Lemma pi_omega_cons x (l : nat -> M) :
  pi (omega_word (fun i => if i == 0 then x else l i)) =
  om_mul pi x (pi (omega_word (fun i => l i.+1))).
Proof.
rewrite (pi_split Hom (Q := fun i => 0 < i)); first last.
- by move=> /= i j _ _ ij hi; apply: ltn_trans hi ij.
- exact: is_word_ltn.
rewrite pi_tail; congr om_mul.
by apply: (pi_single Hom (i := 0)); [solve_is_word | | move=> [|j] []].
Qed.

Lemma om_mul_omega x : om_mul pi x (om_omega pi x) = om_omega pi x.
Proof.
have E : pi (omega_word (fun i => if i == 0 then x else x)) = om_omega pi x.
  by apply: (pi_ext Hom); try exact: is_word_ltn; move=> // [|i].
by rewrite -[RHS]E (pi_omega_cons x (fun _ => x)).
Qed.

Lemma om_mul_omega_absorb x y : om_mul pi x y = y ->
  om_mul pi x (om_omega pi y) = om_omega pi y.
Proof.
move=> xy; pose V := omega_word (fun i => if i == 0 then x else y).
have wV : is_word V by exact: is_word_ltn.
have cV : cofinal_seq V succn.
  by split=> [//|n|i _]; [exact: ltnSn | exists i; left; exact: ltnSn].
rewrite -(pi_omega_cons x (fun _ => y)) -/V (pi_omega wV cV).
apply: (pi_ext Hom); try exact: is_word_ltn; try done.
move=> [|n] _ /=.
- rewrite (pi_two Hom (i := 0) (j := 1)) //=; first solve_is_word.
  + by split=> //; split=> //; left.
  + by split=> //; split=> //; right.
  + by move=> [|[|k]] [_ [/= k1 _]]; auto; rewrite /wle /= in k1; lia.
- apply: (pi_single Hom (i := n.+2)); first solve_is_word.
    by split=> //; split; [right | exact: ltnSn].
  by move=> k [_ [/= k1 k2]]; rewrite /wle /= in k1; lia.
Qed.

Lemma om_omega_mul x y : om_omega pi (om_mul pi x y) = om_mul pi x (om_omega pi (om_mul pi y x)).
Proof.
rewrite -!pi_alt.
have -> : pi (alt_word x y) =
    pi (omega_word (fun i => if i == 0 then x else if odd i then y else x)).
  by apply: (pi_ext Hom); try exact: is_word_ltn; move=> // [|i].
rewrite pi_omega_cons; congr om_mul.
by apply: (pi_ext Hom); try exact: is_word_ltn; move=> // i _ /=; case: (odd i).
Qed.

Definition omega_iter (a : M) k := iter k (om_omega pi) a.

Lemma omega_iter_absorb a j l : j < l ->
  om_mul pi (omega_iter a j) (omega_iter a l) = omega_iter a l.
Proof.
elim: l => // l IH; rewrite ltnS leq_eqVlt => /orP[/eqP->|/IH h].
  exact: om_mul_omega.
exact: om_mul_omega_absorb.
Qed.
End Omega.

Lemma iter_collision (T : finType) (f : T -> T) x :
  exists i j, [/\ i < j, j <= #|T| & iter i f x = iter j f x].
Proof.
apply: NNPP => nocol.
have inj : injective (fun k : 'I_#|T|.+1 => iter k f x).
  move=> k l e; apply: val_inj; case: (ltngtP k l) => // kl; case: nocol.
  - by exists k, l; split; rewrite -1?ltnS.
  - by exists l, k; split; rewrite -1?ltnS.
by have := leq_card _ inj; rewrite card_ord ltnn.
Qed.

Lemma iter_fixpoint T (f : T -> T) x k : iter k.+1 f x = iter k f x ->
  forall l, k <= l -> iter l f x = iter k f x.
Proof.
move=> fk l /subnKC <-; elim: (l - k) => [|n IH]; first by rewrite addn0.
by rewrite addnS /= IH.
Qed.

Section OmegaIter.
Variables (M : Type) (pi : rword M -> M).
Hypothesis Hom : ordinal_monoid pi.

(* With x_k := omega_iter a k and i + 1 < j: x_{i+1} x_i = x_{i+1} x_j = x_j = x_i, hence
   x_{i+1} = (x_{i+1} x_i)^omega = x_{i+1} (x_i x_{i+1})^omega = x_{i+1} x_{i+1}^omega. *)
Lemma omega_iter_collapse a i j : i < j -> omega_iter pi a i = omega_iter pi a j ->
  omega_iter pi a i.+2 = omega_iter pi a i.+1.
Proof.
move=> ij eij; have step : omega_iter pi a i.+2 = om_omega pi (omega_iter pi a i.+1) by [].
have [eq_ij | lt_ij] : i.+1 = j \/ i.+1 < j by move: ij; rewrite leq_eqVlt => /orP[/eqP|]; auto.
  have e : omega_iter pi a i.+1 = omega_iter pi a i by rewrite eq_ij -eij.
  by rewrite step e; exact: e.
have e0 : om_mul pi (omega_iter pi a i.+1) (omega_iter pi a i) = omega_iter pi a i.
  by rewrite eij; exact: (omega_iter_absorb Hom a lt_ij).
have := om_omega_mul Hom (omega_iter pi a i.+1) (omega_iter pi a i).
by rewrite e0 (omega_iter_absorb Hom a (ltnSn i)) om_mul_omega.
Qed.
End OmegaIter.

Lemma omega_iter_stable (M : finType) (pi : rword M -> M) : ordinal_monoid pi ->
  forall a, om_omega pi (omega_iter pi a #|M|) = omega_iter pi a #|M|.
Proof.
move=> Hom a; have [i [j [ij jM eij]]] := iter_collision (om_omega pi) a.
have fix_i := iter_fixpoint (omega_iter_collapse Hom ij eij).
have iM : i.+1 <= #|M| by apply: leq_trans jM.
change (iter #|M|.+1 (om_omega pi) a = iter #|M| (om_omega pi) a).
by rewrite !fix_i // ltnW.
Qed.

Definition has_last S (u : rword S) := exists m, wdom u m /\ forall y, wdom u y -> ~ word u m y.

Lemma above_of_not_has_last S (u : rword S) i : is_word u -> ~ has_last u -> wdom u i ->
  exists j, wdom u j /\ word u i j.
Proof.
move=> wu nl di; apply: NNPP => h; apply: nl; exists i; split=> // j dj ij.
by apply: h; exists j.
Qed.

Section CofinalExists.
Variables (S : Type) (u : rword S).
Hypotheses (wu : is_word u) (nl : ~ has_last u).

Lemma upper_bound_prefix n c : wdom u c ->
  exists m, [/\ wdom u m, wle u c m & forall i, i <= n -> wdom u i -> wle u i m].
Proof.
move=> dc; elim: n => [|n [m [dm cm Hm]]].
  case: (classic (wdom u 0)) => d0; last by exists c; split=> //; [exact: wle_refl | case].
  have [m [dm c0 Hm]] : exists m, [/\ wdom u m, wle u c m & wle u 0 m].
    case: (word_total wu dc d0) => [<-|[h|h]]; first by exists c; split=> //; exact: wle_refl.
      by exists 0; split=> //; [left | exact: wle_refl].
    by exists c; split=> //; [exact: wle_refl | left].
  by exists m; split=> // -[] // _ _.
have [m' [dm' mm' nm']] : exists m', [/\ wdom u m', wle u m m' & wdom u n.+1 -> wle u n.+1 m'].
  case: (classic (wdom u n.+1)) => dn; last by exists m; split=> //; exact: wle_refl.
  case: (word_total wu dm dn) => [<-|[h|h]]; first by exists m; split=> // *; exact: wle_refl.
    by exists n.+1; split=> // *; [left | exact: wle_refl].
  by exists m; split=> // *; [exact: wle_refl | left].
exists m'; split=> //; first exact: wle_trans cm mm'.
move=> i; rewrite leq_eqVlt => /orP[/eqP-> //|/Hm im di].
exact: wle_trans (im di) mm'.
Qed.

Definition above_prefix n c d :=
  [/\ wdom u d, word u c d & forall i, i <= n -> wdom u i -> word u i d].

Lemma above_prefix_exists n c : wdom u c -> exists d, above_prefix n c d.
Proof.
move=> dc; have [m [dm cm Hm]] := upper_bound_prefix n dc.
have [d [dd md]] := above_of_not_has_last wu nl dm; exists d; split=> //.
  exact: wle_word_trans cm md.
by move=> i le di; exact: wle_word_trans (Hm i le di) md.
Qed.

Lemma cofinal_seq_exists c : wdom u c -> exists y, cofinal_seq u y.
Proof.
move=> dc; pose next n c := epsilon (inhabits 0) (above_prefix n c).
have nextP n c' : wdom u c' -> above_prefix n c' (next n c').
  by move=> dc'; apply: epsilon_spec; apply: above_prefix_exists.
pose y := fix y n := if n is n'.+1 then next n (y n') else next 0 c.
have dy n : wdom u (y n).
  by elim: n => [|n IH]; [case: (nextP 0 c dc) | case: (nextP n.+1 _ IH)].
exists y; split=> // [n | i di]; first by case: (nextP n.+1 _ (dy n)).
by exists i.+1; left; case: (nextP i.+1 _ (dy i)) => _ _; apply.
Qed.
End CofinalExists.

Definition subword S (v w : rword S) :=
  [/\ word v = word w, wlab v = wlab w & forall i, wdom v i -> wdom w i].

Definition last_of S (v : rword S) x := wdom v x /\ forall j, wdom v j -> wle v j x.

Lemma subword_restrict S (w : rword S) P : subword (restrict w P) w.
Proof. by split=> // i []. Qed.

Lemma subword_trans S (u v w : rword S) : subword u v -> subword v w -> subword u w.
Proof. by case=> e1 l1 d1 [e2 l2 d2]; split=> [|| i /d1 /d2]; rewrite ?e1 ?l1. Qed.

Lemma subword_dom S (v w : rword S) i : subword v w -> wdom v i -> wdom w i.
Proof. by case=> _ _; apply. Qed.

(Aim of the exercise) How many lines of the preceding listing hold the string "classic"? Answer with the number only.

(Exercise response) 2